The two most important types of taxation used by U.S. states are taxes on consumption and personal income. In 2007, 49 percent of state tax revenues came from consumption taxes, and 32 percent from income taxes. The conventional wisdom is that consumption is more stable than income through the business cycle, implying that taxes on consumption are likely to be less volatile than taxes on income. However, consumption taxes are also widely assumed to be more regressive than income taxes, though incidence varies depending on the specific bases and rate structures and the time period of analysis (Institute for Taxation and Economic Policy 2009; Chernick and Reschovsky 1997). If these assumptions are correct, states face a potential tradeoff between vertical equity and revenue stability.

The Great Recession of 2007–2009 provides an important test case to examine the equity-stability tradeoff. This recession precipitated the sharpest decline in state tax revenues in the post-war period. Between fiscal years 2007 and 2010 nominal tax revenues declined by 7.6 percent. It was only in 2011, four years after the onset of the recession, that state taxes regained their prior nominal peak1. Though partially offset by increased federal aid, revenue reductions led to sharp decreases in state employment and state aid to local governments2. However, despite the depth of the aggregate decline, variation across states was considerable. Of the 48 contiguous states, 36 experienced nominal declines in state tax revenue, while 12 had increases3.

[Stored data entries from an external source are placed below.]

Lemma is_derive_Cinv (f : R -> C) (x : R) (df : C) :
  is_Cderive f x df -> f x <> 0%C ->
  is_Cderive (fun t => / f t)%C x (- (df / (f x * f x)))%C.
Proof.
intros Hf Hnz.
assert (Cinv_denominator : forall a b : R,
  (a * a - b * b) * (a * a - b * b) + (a * b + b * a) * (a * b + b * a)
  = (a * a + b * b) * (a * a + b * b)) by (intros; ring).
apply is_derive_Re in Hf as Hf1; apply is_derive_Im in Hf as Hf2.
assert (Hn : Re (f x) ^ 2 + Im (f x) ^ 2 <> 0).
{ intro H; apply Hnz; destruct (f x) as [a b]; simpl in H.
  assert (a = 0) by nra; assert (b = 0) by nra; subst; reflexivity. }
assert (Dn : is_derive (fun t => Re (f t) ^ 2 + Im (f t) ^ 2) x
               (INR 2 * Re df * Re (f x) ^ 1 + INR 2 * Im df * Im (f x) ^ 1)).
{ apply (is_derive_plus (fun t => Re (f t) ^ 2) (fun t => Im (f t) ^ 2));
    apply (is_derive_pow (fun t => _ (f t))); assumption. }
apply is_derive_pair; eapply is_derive_eq_value.
- apply (is_derive_div (fun t => Re (f t))); eassumption.
- cbv beta; revert Hn; destruct (f x) as [a b], df as [p q]; simpl;
    rewrite ?Rmult_1_r; intro Hn.
  rewrite Cinv_denominator; field; contradict Hn; nra.
- apply (is_derive_div (fun t => - Im (f t))); [| eassumption | exact Hn].
  apply (is_derive_opp (fun t => Im (f t))); exact Hf2.
- cbv beta; revert Hn; destruct (f x) as [a b], df as [p q]; simpl;
    unfold opp; simpl; rewrite ?Rmult_1_r; intro Hn.
  rewrite Cinv_denominator; field; contradict Hn; nra.
Qed.

Lemma is_derive_sqrt_pim_Re (b y : R) : 0 < b ->
  is_Cderive (fun t => sqrt_pim (t, b)) y (/ (2 * sqrt_pim (y, b)))%C.
Proof.
intros Hb.
pose proof (Cmod_sqr (y, b)) as Hr2.
pose proof (Cmod_gt_Rabs_Re (y, b) ltac:(simpl; lra)) as Hr; apply Rabs_def2 in Hr.
pose proof (Re_sqrt_pim_sqr (y, b)) as Hu2; pose proof (Im_sqrt_pim_sqr (y, b)) as Hv2.
destruct (sqrt_pim_pos (y, b) ltac:(simpl; lra)) as [Hu Hv].
set (r := Cmod (y, b)) in *.
set (u := Re (sqrt_pim (y, b))) in *; set (v := Im (sqrt_pim (y, b))) in *.
simpl Re in *; simpl Im in *.
assert (Huv : u * u + v * v = r) by lra.
replace (/ (2 * sqrt_pim (y, b)))%C with ((u / (2 * r), - v / (2 * r)) : C).
2:{ change (sqrt_pim (y, b)) with ((u, v) : C).
    unfold Cinv, Cmult; simpl; rewrite <- Huv; f_equal; field; nra. }
change (fun t => sqrt_pim (t, b)) with
  (fun t => (sqrt ((sqrt (t ^ 2 + b ^ 2) + t) / 2), sqrt ((sqrt (t ^ 2 + b ^ 2) - t) / 2)) : C).
assert (Er : sqrt (y * (y * 1) + b * (b * 1)) = r) by reflexivity.
apply is_derive_pair; auto_derive; rewrite ?Er.
- repeat split; nra.
- change (sqrt ((r + y) * / 2)) with u.
  replace (y * 1) with (2 * (u * u) - r) by lra; field; lra.
- repeat split; nra.
- change (sqrt ((r + - y) * / 2)) with v.
  replace (y * 1) with (r - 2 * (v * v)) by lra; field; lra.
Qed.

Lemma is_derive_sqrt_pim (a : R -> R) (b x da : R) : 0 < b -> is_derive a x da ->
  is_Cderive (fun t => sqrt_pim (a t, b)) x (da / (2 * sqrt_pim (a x, b)))%C.
Proof.
intros Hb Ha.
eapply is_derive_eq_value.
- exact (is_derive_comp (fun y => sqrt_pim (y, b)) a x _ da
           (is_derive_sqrt_pim_Re b (a x) Hb) Ha).
- apply scal_R_Cmult.
Qed.

(** * The derivatives of phi *)

Lemma pow_2m_decomp (m : nat) (x : R) : (1 <= m)%nat ->
  x ^ (2 * m - 1) = x * x ^ (2 * m - 2) /\
  x ^ (2 * m) = x * x * x ^ (2 * m - 2) /\
  x ^ (4 * m - 2) = x * x * (x ^ (2 * m - 2) * x ^ (2 * m - 2)).
Proof.
intros Hm; split; [| split].
- replace (2 * m - 1)%nat with (S (2 * m - 2)) by lia; reflexivity.
- replace (2 * m)%nat with (S (S (2 * m - 2))) at 1 by lia; simpl; ring.
- replace (4 * m - 2)%nat with (S (S (2 * m - 2 + (2 * m - 2)))) by lia.
  simpl; rewrite pow_add; ring.
Qed.

Lemma dphi_eq (m : nat) (E : C) (t : R) :
  dphi m E t = sqrt_pim (Re E + t ^ (2 * m) / INR m, Im E).
Proof. unfold dphi; destruct E; unfold Cplus; simpl; rewrite Rplus_0_r; reflexivity. Qed.

Section PhiDerivatives.

Variables (m : nat) (E : C).
Hypotheses (Hm : (1 <= m)%nat) (HE : 0 < Im E).

Let HN : INR m <> 0.
Proof. apply not_0_INR; lia. Qed.

Let HNC : RtoC (INR m) <> 0%C.
Proof. intro H; apply HN, RtoC_inj, H. Qed.

Lemma dphi_sqr (x : R) : (dphi m E x * dphi m E x)%C = (E + RtoC (x ^ (2 * m) / INR m))%C.
Proof. apply sqrt_pim_sqr; destruct E; simpl in *; lra. Qed.

Lemma dphi_neq0 (x : R) : dphi m E x <> 0%C.
Proof. apply sqrt_pim_neq0; destruct E; simpl in *; apply Rgt_not_eq; lra. Qed.

Lemma is_derive_dphi (x : R) : is_Cderive (dphi m E) x (d2phi m E x).
Proof.
assert (Ha : is_derive (fun t => Re E + t ^ (2 * m) / INR m) x (2 * x ^ (2 * m - 1))).
{ auto_derive; [exact I |].
  replace (Init.Nat.pred (m + (m + 0))) with (2 * m - 1)%nat by lia.
  rewrite plus_INR, plus_INR; simpl; field; exact HN. }
apply (is_derive_ext (fun t => sqrt_pim (Re E + t ^ (2 * m) / INR m, Im E))).
{ intro t; symmetry; apply dphi_eq. }
eapply is_derive_eq_value; [exact (is_derive_sqrt_pim _ _ _ _ HE Ha) |].
cbv beta; rewrite <- dphi_eq; unfold d2phi.
match goal with |- ?A = ?B => change (A = B :> C) end.
rewrite RtoC_mult; field; apply dphi_neq0.
Qed.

While the business cycle would be expected to exert an important influence on state tax revenues, the exceptionally large decline in revenues in the Great Recession, as well as in the 2001 recession, suggests that recession-related volatility may have increased over time. A potential source of increased volatility, both for federal and state tax revenues, is the secular increase in income concentration and capital gains receipt in the United States4. Because the share of income from capital gains rises with the level of income, increased income concentration has been accompanied by increased concentration of income from capital gains5. Given that capital gains are closely tied to the value of stock shares, and stock prices are more volatile than ordinary income, income from capital gains tends to be more cyclically volatile than ordinary income. This implies that incomes at the top of the distribution will be more cyclically sensitive than average income6. Increasing volatility of the tax base may in turn increase the sensitivity of state tax revenues to the business cycle. Moreover, volatility may be magnified in states with more progressive tax structures, as bigger changes in the tax base at the top end are amplified by higher tax rates applied to that income.

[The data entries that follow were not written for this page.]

Definition derXY u v : K := cX u * cY v - cY u * cX v.

Lemma derXY_mk a b c a' b' c' : derXY (mk a b c) (mk a' b' c') = b * c' - c * b'.
Proof. by []. Qed.

Lemma derXY_bound u v : `|derXY u v| <= 2%:C * `|u| * `|v|.
Proof.
have -> : 2%:C * `|u| * `|v| = `|u| * `|v| + `|u| * `|v| :> K by ring.
apply: le_trans (ler_normB _ _) _.
by rewrite !normrM lerD // ler_pM ?normr_ge0 ?normr_cX ?normr_cY.
Qed.

Lemma derivation_derXY : derivation_to_dual mul derXY.
Proof.
split; last first.
  by move=> u v w; rewrite [u]mkE [v]mkE [w]mkE !mul_mk !derXY_mk; ring.
apply: (bounded_to_dual_of_bound (C := 2)); last exact: derXY_bound.
  by move=> k u v w; rewrite [u]mkE [v]mkE [w]mkE mkZ mkD !derXY_mk; ring.
by move=> u k v w; rewrite [u]mkE [v]mkE [w]mkE mkZ mkD !derXY_mk; ring.
Qed.

Lemma derXY_antisym u v : derXY u v + derXY v u = 0.
Proof. by rewrite /derXY; ring. Qed.

Lemma not_semiweakly_amenable_mul : ~ semiweakly_amenable mul.
Proof.
move=> swa; have inner := swa _ derivation_derXY derXY_antisym.
have mulYX : mul eY eX = 0 by rewrite mul_mk !(mulr0, mul0r) mk0.
have mulXY : mul eX eY = 0 by rewrite mul_mk !(mulr0, mul0r) mk0.
have := inner_derivation_annihilator inner mulYX mulXY.
by rewrite derXY_mk mulr1 mulr0 subr0 => /eqP; rewrite oner_eq0.
Qed.
End ExampleAlgebra.
(* Let $m$ be a positive integer. The bra-ket $\mathcal R$-dioid $C_m$ is isomorphic, as a Kleene algebra, to its matrix Kleene algebra $\mathrm{Mat}_{m\times m}(C_m)$.
   Context: An $\mathcal R$-dioid is a dioid in which every regular subset $A$ of its multiplicative monoid has a least upper bound $\sum A$ with $\sum(AB)=(\sum A)(\sum B)$; equivalently a $*$-continuous Kleene algebra. An $\mathcal R$-congruence is a semiring congruence $\rho$ such that regular sets with equal downward closures modulo $\rho$ have congruent suprema. Let $\Delta_m=\{p_0,\dots,p_{m-1},q_0,\dots,q_{m-1}\}$ and $\mathcal R\Delta_m^*$ the algebra of regular languages over $\Delta_m$ (union, concatenation, star). The bra-ket $\mathcal R$-dioid is $C_m=\mathcal R\Delta_m^*/\rho_m$, where $\rho_m$ is the least $\mathcal R$-congruence containing $p_iq_j=\delta_{i,j}$ for $i,j<m$ and $q_0p_0+\dots+q_{m-1}p_{m-1}=1$. $\mathrm{Mat}_{m\times m}(C_m)$ carries matrix sum, product and the standard matrix star. *)

From Stdlib Require Import ClassicalEpsilon.
From mathcomp Require Import all_boot all_algebra.

Set Implicit Arguments.
Unset Strict Implicit.
Unset Printing Implicit Defensive.

Section Generic.
Variables (D : Type) (add mul : D -> D -> D) (one : D).

Definition dle (a b : D) := add a b = b.

Definition is_lub (U : D -> Prop) (s : D) :=
  (forall u, U u -> dle u s) /\ (forall t, (forall u, U u -> dle u t) -> dle s t).

Fixpoint prodl (s : seq D) : D :=
  if s is x :: s' then mul x (prodl s') else one.

Fixpoint all_in (U : D -> Prop) (s : seq D) : Prop :=
  if s is x :: s' then U x /\ all_in U s' else True.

In this paper, we use the Great Recession as a test case to address the effect on state tax revenues of income concentration, capital gains receipt, and tax progressivity. Were the sharper drops in state tax revenues experienced in a number of states due mainly to greater income inequality, more capital gains receipt, and differences in state tax structure, or was the overall severity of the Great Recession the dominant force?

We first sort out the impacts on state tax revenue of shocks to income in different parts of the income distribution, tax burdens at those income levels, and the overall tax burden. We develop and implement the concept of "potential revenue exposure"; that is, the predicted change in revenue due to an income shock, given the state's tax structure, in the absence of policy offsets such as changes in tax rates. We use this concept to simulate the effect on revenue exposure of alternative counterfactual assumptions about income shocks, tax progressivity, and average tax rates. We then estimate regression models to investigate how the concentration of income and capital gains contributed to the shocks to income in the upper part of the income distribution, and to analyze the effects of tax progressivity versus income shocks on state tax revenues. While other papers have examined the role of base volatility and tax structure, our paper is the first to take systematic account of interstate differences in base volatility by income concentration and capital gains receipt, and the interaction between differential volatility and the distribution of state tax burdens by income level.

Our principal finding is that, while potential revenue exposure is greater in more progressive states, the most important source of interstate variation in revenue exposure in the Great Recession was not state tax structure, but differences in the importance of income concentration and capital gains income, as well as the state-specific severity of the recession. At the top end of the income distribution the interaction between sharp drops in income and high tax burdens can produce large decreases in tax revenue. However, tax progressivity accounts for very little of the overall interstate variation in revenue volatility during the 2007–2009 recession. At present these conclusions apply only to the most recent recession. However, our methodology could be readily applied to previous recessions, to determine whether the results generalize to other business-cycle induced fluctuations in state tax revenues.

The plan of the paper is as follows. Section 1 contains a brief literature review. Section 2 discusses the roles of income concentration, capital gains, and tax progressivity in revenue volatility. Section 3 presents the conceptual basis for calculating revenue exposure, the implementation of this concept for state taxes, and the comparison of revenue exposure to both the actual change in taxes and to counterfactual measures that remove the interstate variation in one factor at a time. Section 4 analyzes the change in the tax base, with a focus on changes in top-quintile AGI, while Section 5 analyzes actual revenue changes as a function of tax structure and changes in the tax base. Section 6 concludes.

1. Literature review

Prior research on state tax volatility has used panel data to estimate separate revenue elasticities for the major state taxes, attempting to distinguish between short- and long-run elasticities. Holcombe and Sobel (1996), using the period 1972–1993, find similar short-run elasticities with respect to personal income for the sales tax (1.3) and the income tax (1.4). In a recent summary of the literature, Dye (2004) emphasizes that both base and revenue elasticities with respect to changes in income differ across states.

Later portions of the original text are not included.